# Did I get a good buy? Ruger 357 Blackhawk



## Mamps

Alright, I am going to put you to the test again (please  )
I was at a gun store today (just looking as I told the wife). I happened to look in the used section and there was a Ruger 357 mag Blackhawk. After looking at it, I noticed that it had not been fired (or at least appeared that way). I ended up paying $250 for the gun.
I get it home and go to put the box away and the gun in a case and the back of the box stamped Jan. 1978
Ths is a SS 6.5" in perfect shape.
Anyone know anything about this? Did I get a good deal or is it a common gun?
Thanks


----------



## DaleM

I'd say you got a great deal. I sold one for almost double that about a year ago.


----------



## Mamps

Are you kidding?
The thing that blows my mind is that the guys in the range/gun shop are pretty savy too. Someone took a huge hit if they made money selling it to me for $250.


----------



## Smallmouth Crazy

I would say you did OK, never know what you can find sometimes looking around the used rack.


----------



## H2O Mellon

The Redhawks are quite a bit more (double action vs single action) but you got a good deal no doubt about it.

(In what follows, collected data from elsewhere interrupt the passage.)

Lemma prob_maxload_geE k n : prob_maxload_ge p k n = 1 - prob_loads_lt n (fun=> k).
Proof.
pose full (f : {ffun 'I_n -> 'I_m}) := [exists i, k <= load f i]%N.
have -> : prob_loads_lt n (fun=> k) = \sum_(f | ~~ full f) \prod_(j < n) p (f j).
  by apply: eq_bigl => f; rewrite negb_exists; apply: eq_forallb => i; rewrite -ltnNge.
by rewrite -{1}(sum_prob_ffun n) (bigID full) /= addrK.
Qed.

Lemma prob_loads_lt0 cap : prob_loads_lt 0 cap = [forall i, 0 < cap i]%N%:R.
Proof.
have loads0 (f : {ffun 'I_0 -> 'I_m}) : loads_lt cap f = [forall i, 0 < cap i]%N.
  by apply: eq_forallb => i; rewrite loadE big_ord0.
rewrite /prob_loads_lt; under eq_bigl do rewrite loads0.
case: [forall i, _]; last by rewrite big_pred0.
under eq_bigr do rewrite big_ord0.
by rewrite sumr_const card_ffun !card_ord expn0.
Qed.

Lemma prob_loads_lt_le1 n : prob_loads_lt n.+1 (fun=> 1%N) = 0.
Proof.
rewrite prob_loads_ltS; apply: big1 => i _; rewrite /prob_loads_lt big_pred0 ?mulr0 // => f.
by apply/negbTE; rewrite negb_forall; apply/existsP; exists i; rewrite /decr_cap eqxx.
Qed.

Definition loads_egf cap : {poly R} := \prod_(i < m) exp_poly (p i) (cap i).

Lemma horner_loads_egf cap t :
  (loads_egf cap).[t] = \prod_(i < m) exp_trunc (p i * t) (cap i).
Proof. by rewrite horner_prod; apply: eq_bigr => i _; rewrite horner_exp_poly. Qed.

Lemma deriv_loads_egf cap :
  (loads_egf cap)^`() = \sum_(i < m) p i *: loads_egf (decr_cap i cap).
Proof.
rewrite /loads_egf deriv_prod; apply: eq_bigr => i _.
under eq_bigr do rewrite deriv_exp_poly.
rewrite (bigD1 i) //= eqxx [in RHS](bigD1 i) //= /decr_cap eqxx -scalerAl.
by congr (_ *: (_ * _)); apply: eq_bigr => j /negbTE ->.
Qed.

Lemma coef_loads_egf cap N : (loads_egf cap)`_N = prob_loads_lt N cap / N`!%:R.
Proof.
elim: N cap => [|N IHN] cap.
  rewrite fact0 divr1 -horner_coef0 horner_loads_egf prob_loads_lt0.
  under eq_bigr do rewrite mulr0.
  have [pos|] := boolP [forall i, 0 < cap i]%N.
    by apply: big1 => i _; rewrite -(prednK (forallP pos i)) exp_trunc0.
  rewrite negb_forall => /existsP[i]; rewrite -eqn0Ngt => /eqP cap_i0.
  by rewrite (bigD1 i) //= cap_i0 /exp_trunc big_ord0 mul0r.
have := coef_deriv (loads_egf cap) N.
rewrite deriv_loads_egf coef_sum.
under eq_bigr do rewrite coefZ IHN mulrA.
rewrite -mulr_suml -prob_loads_ltS => coefS.
have fact_neq0 : N`!%:R != 0 :> R by rewrite pnatr_eq0 -lt0n fact_gt0.
have Sn_neq0 : N.+1%:R != 0 :> R by rewrite pnatr_eq0.
apply: (mulIf Sn_neq0); rewrite mulr_natr -coefS factS natrM.
by field; rewrite fact_neq0 nat1r.
Qed.

Lemma prob_loads_lt_mul_exp_trunc_le cap n t : 0 <= t ->
  prob_loads_lt n cap * exp_trunc t n.+1 <= \prod_(i < m) exp_trunc (p i * t) (cap i).
Proof.
move=> t_ge0; set M := maxn (size (loads_egf cap)) n.+1.
rewrite -horner_loads_egf (@horner_coef_wide _ M) ?leq_maxl // /exp_trunc mulr_sumr.
rewrite (big_ord_widen M (fun N => prob_loads_lt n cap * (t ^+ N / N`!%:R))) ?leq_maxr //.
rewrite big_mkcond /=; apply: ler_sum => N _; rewrite coef_loads_egf.
case: ifP => [lt_Nn|_]; last first.
  by apply: mulr_ge0; [apply: divr_ge0; [apply: prob_loads_lt_ge0|]|apply: exprn_ge0].
rewrite -[leRHS]mulrA [_^-1 * _]mulrC.
by apply: ler_wpM2r; [apply: exp_term_ge0|apply: prob_loads_lt_le].
Qed.

Lemma prob_subset_bin n (i : 'I_m) (S : {set 'I_n}) :
  \sum_(f : {ffun 'I_n -> 'I_m}) (S \subset [set j | f j == i])%:R * \prod_(j < n) p (f j)
  = p i ^+ #|S|.
Proof.
pose w (j : 'I_n) (x : 'I_m) := if j \in S then (x == i)%:R * p x else p x.
transitivity (\sum_(f : {ffun 'I_n -> 'I_m}) \prod_(j < n) w j (f j)).
  apply: eq_bigr => f _; case: (boolP (S \subset _)) => [sub_S|].
    rewrite mul1r; apply: eq_bigr => j _; rewrite /w; case: ifP => // jS.
    by move/fintype.subsetP: sub_S => /(_ j jS); rewrite inE => ->; rewrite mul1r.
  case/subsetPn => j jS; rewrite inE => /negbTE fj_neq.
  by rewrite mul0r (bigD1 j) //= /w jS fj_neq !mul0r.
rewrite -(bigA_distr_bigA w) /=.
transitivity (\prod_(j < n) (if j \in S then p i else 1)).
  apply: eq_bigr => j _; rewrite /w; case: ifP => jS; last by rewrite p_sum1.
  rewrite (bigD1 i) //= eqxx mul1r big1 ?addr0 // => x /negbTE ->.
  by rewrite mul0r.
by rewrite -big_mkcond prodr_const.
Qed.

Lemma prob_load_ge_le (i : 'I_m) k n :
  \sum_(f : {ffun 'I_n -> 'I_m} | (k <= load f i)%N) \prod_(j < n) p (f j)
  <= 'C(n, k)%:R * p i ^+ k.
Proof.
pose covers (f : {ffun 'I_n -> 'I_m}) (S : {set 'I_n}) := S \subset [set j | f j == i].
apply: (@le_trans _ _ (\sum_(f : {ffun 'I_n -> 'I_m})
    \sum_(S : {set 'I_n} | #|S| == k) (covers f S)%:R * \prod_(j < n) p (f j))).
  rewrite big_mkcond /=; apply: ler_sum => f _; case: ifP => [k_le|_]; last first.
    by apply: sumr_ge0 => S _; apply: mulr_ge0 => //; apply: prob_ffun_ge0.
  pose S := [set x in take k (enum [set j | f j == i])].
  have card_S : #|S| = k.
    rewrite cardsE (card_uniqP _) ?take_uniq ?enum_uniq // size_take -cardE.
    by move: k_le; rewrite /load leq_eqVlt => /orP[/eqP ->|->]; rewrite ?ltnn.
  have cov_S : covers f S.
    by apply/fintype.subsetP => x; rewrite inE => /mem_take; rewrite mem_enum.
  rewrite (bigD1 S) ?card_S ?eqxx //= cov_S mul1r lerDl.
  by apply: sumr_ge0 => T _; apply: mulr_ge0 => //; apply: prob_ffun_ge0.
rewrite exchange_big /=.
under eq_bigr => S /eqP card_S do rewrite prob_subset_bin card_S.
rewrite (eq_bigl (mem [set S : {set 'I_n} | #|S| == k])); last by move=> S; rewrite !inE.
by rewrite sumr_const card_draws card_ord mulr_natl.
Qed.

Lemma prob_maxload_ge_le k n :
  prob_maxload_ge p k n <= 'C(n, k)%:R * \sum_(i < m) p i ^+ k.
Proof.
rewrite mulr_sumr; apply: le_trans (ler_sum _ (fun i _ => prob_load_ge_le i k n)).
under [leRHS]eq_bigr do rewrite big_mkcond.
rewrite [leRHS]exchange_big /prob_maxload_ge big_mkcond /=.
apply: ler_sum => f _; case: ifP => [/existsP[i k_le]|_]; last first.
  by apply: sumr_ge0 => i _; case: ifP => // _; apply: prob_ffun_ge0.
rewrite (bigD1 i) //= k_le lerDl.
by apply: sumr_ge0 => i' _; case: ifP => // _; apply: prob_ffun_ge0.
Qed.

End BallsIntoBins.

Lemma derive1_val (R : realType) (f : R -> R) (x d : R) :
  is_derive x 1 f d -> derive1 f x = d.
Proof. by move=> df; rewrite derive1E; apply: derive_val. Qed.

Section PoissonCdf.
Variables (R : realType) (k : nat).

Local Notation E y := (exp_trunc y k.+1).

(* [nlog_poisson_cdf y = - ln Pr[Poisson(y) <= k]], since
   [Pr[Poisson(y) <= k] = exp(-y) * E y]. *)
Definition nlog_poisson_cdf (y : R) : R := y - ln (E y).

Local Notation g := nlog_poisson_cdf.

Lemma nlog_poisson_cdf0 : g 0 = 0.
Proof. by rewrite /g exp_trunc0 ln1 subrr. Qed.

Lemma nlog_poisson_cdf_ge0 (y : R) : 0 <= y -> 0 <= g y.
Proof.
move=> y_ge0; rewrite /g subr_ge0 -[leRHS]expRK.
by rewrite ler_ln ?posrE ?exp_trunc_gt0 ?expR_gt0 ?exp_trunc_le_expR.
Qed.

Lemma is_derive_nlog_poisson_cdf (x : R) : 0 <= x ->
  is_derive x 1 g (1 - (E x)^-1 * exp_trunc x k).
Proof.
move=> x_ge0.
have dlnE := is_derive1_comp (is_derive1_ln (exp_trunc_gt0 k x_ge0)) (is_derive_exp_trunc x k).
exact: is_deriveB (is_derive_id x 1) dlnE.
Qed.

Lemma pow_le_nlog_poisson_cdf (y : R) : 0 <= y -> y ^+ k.+1 <= k.+1`!%:R * (E y * g y).
Proof.
move=> y_ge0; pose h (x : R) := k.+1`!%:R * (E x * g x) - x ^+ k.+1.
have dh (x : R) : 0 <= x -> is_derive x 1 h (k.+1`!%:R * exp_trunc x k * g x).
  move=> x_ge0.
  have dEg := is_deriveM (is_derive_exp_trunc x k) (is_derive_nlog_poisson_cdf x_ge0).
  have dpow := is_deriveX k.+1 (is_derive_id x (1 : R)).
  have -> : h = k.+1`!%:R \*: (fun x => E x * g x) - id ^+ k.+1.
    by apply/funext => z; rewrite !fctE.
  apply: is_derive_eq (is_deriveB (is_deriveZ _ dEg) dpow) _.
  have Ex_gt0 := exp_trunc_gt0 k x_ge0.
  have fact_gt0 : 0 < k`!%:R :> R by rewrite ltr0n fact_gt0.
  have scaleE (a b : R) : a *: b = a * b by [].
  rewrite !scaleE mulr1 /= exp_truncS factS natrM.
  rewrite exp_truncS in Ex_gt0.
  field; rewrite (lt0r_neq0 fact_gt0) /= lt0r_neq0 //.
  by have := mulr_gt0 Ex_gt0 fact_gt0; rewrite mulrDl divfK ?lt0r_neq0.
suff : h 0 <= h y.
  by rewrite /h nlog_poisson_cdf0 !mulr0 expr0n /= subr0 subr_ge0.
apply: (@ger0_derive1_le_cc _ h 0 y); last 3 first.
- by rewrite in_itv /= lexx y_ge0.
- by rewrite in_itv /= lexx y_ge0.
- exact: y_ge0.
- by move=> x; rewrite in_itv /= => /andP[/ltW/dh + _] => -[].
- move=> x; rewrite in_itv /= => /andP[/ltW x_ge0 _]; rewrite (derive1_val (dh x x_ge0)).
  by rewrite mulr_ge0 ?nlog_poisson_cdf_ge0 ?mulr_ge0 ?exp_trunc_ge0.
apply: derivable_within_continuous => x; rewrite in_itv /= => /andP[x_ge0 _].
by case: (dh x x_ge0).
Qed.

Lemma nlog_poisson_cdf_div_pow_le (y w : R) : 0 < y -> y <= w ->
  g w / w ^+ k.+1 <= g y / y ^+ k.+1.
Proof.
move=> y_gt0 le_yw; pose Phi (x : R) := g x / x ^+ k.+1.
have dPhi (x : R) : 0 < x ->
    is_derive x 1 Phi (- (k.+1`!%:R * (E x * g x) - x ^+ k.+1) / (k`!%:R * E x * x ^+ k.+2)).
  move=> x_gt0.
  have pow_neq0 : (id ^+ k.+1) x != 0 :> R by rewrite fctE expf_neq0 // lt0r_neq0.
  have dinv := is_deriveV pow_neq0 (is_deriveX k.+1 (is_derive_id x (1 : R))).
  have -> : Phi = g * (fun z => ((id ^+ k.+1) z)^-1).
    by apply/funext => z; rewrite !fctE.
  apply: is_derive_eq (is_deriveM (is_derive_nlog_poisson_cdf (ltW x_gt0)) dinv) _.
  have scaleE (a b : R) : a *: b = a * b by [].
  have fact_neq0 : k`!%:R != 0 :> R by rewrite pnatr_eq0 -lt0n fact_gt0.
  have xk_gt0 : 0 < x ^+ k by apply: exprn_gt0.
  have denom_gt0 : 0 < exp_trunc x k * k`!%:R + x ^+ k.
    by rewrite ltr_wpDl // mulr_ge0 ?ler0n ?exp_trunc_ge0 ?ltW.
  rewrite !scaleE !fctE /= mulr1 exp_truncS factS natrM !exprS.
  by field; rewrite fact_neq0 !lt0r_neq0.
apply: (@ler0_derive1_le_cc _ Phi y w); last 3 first.
- by rewrite in_itv /= lexx le_yw.
- by rewrite in_itv /= lexx le_yw.
- exact: le_yw.
- move=> x; rewrite in_itv /= => /andP[lt_yx _].
  by case: (dPhi x (lt_trans y_gt0 lt_yx)).
- move=> x; rewrite in_itv /= => /andP[lt_yx _]; have x_gt0 := lt_trans y_gt0 lt_yx.
  have x_ge0 := ltW x_gt0.
  rewrite (derive1_val (dPhi x x_gt0)) mulNr oppr_le0; apply: divr_ge0.
    by rewrite subr_ge0; apply: pow_le_nlog_poisson_cdf.
  by apply: mulr_ge0; [apply: mulr_ge0; [apply: ler0n|apply: exp_trunc_ge0]|apply: exprn_ge0].
apply: derivable_within_continuous => x; rewrite in_itv /= => /andP[le_yx _].
by case: (dPhi x (lt_le_trans y_gt0 le_yx)).
Qed.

FYI: This is only my opinion, but a .357 is a great personal protection round, but I'm not a fan of it for Whitetails. (Even though my dad did get a nice buck from 100 yards away w/ a S&W model 868 using Black Talons years ago)


----------



## Smallmouth Crazy

Mamps said:


> Are you kidding?
> The thing that blows my mind is that the guys in the range/gun shop are pretty savy too. Someone took a huge hit if they made money selling it to me for $250.


If he bought the gun in the 70s you might be surprised how much he paid for it compared to todays prices.


----------



## Mamps

smallmouth, I agree about hte price however I bought this from a local gunstore. So they bought it for probably $150 (just a guess).
I wish I had those connections to buy these guns at $150. I would quit work...lol


----------



## H2O Mellon

Most folks dont buy Ruger Blackhawks for their "collector value", but I will tell you this, you'd be surprised at how much more you gun is worth since it has that original yellow box from '78. Wish I could find some original boxes for my colts. 

Also, that frame is super strong. Lots of folks will handload their own .45 Long Colt rounds to be hotter than most .454's and shott them out of Blackhawks. (of corse it's not recomended to do this)

Post a couple pics of your new toy and the box.


----------



## Mamps

That is pretty neat. I did not buy it for a collector piece, I just bought it becasue I love SS and I happened to have a few extra bucks from a bonus I got at work. I would love to buy a colt though. If you ever know ayone selling one, please send them in my direction.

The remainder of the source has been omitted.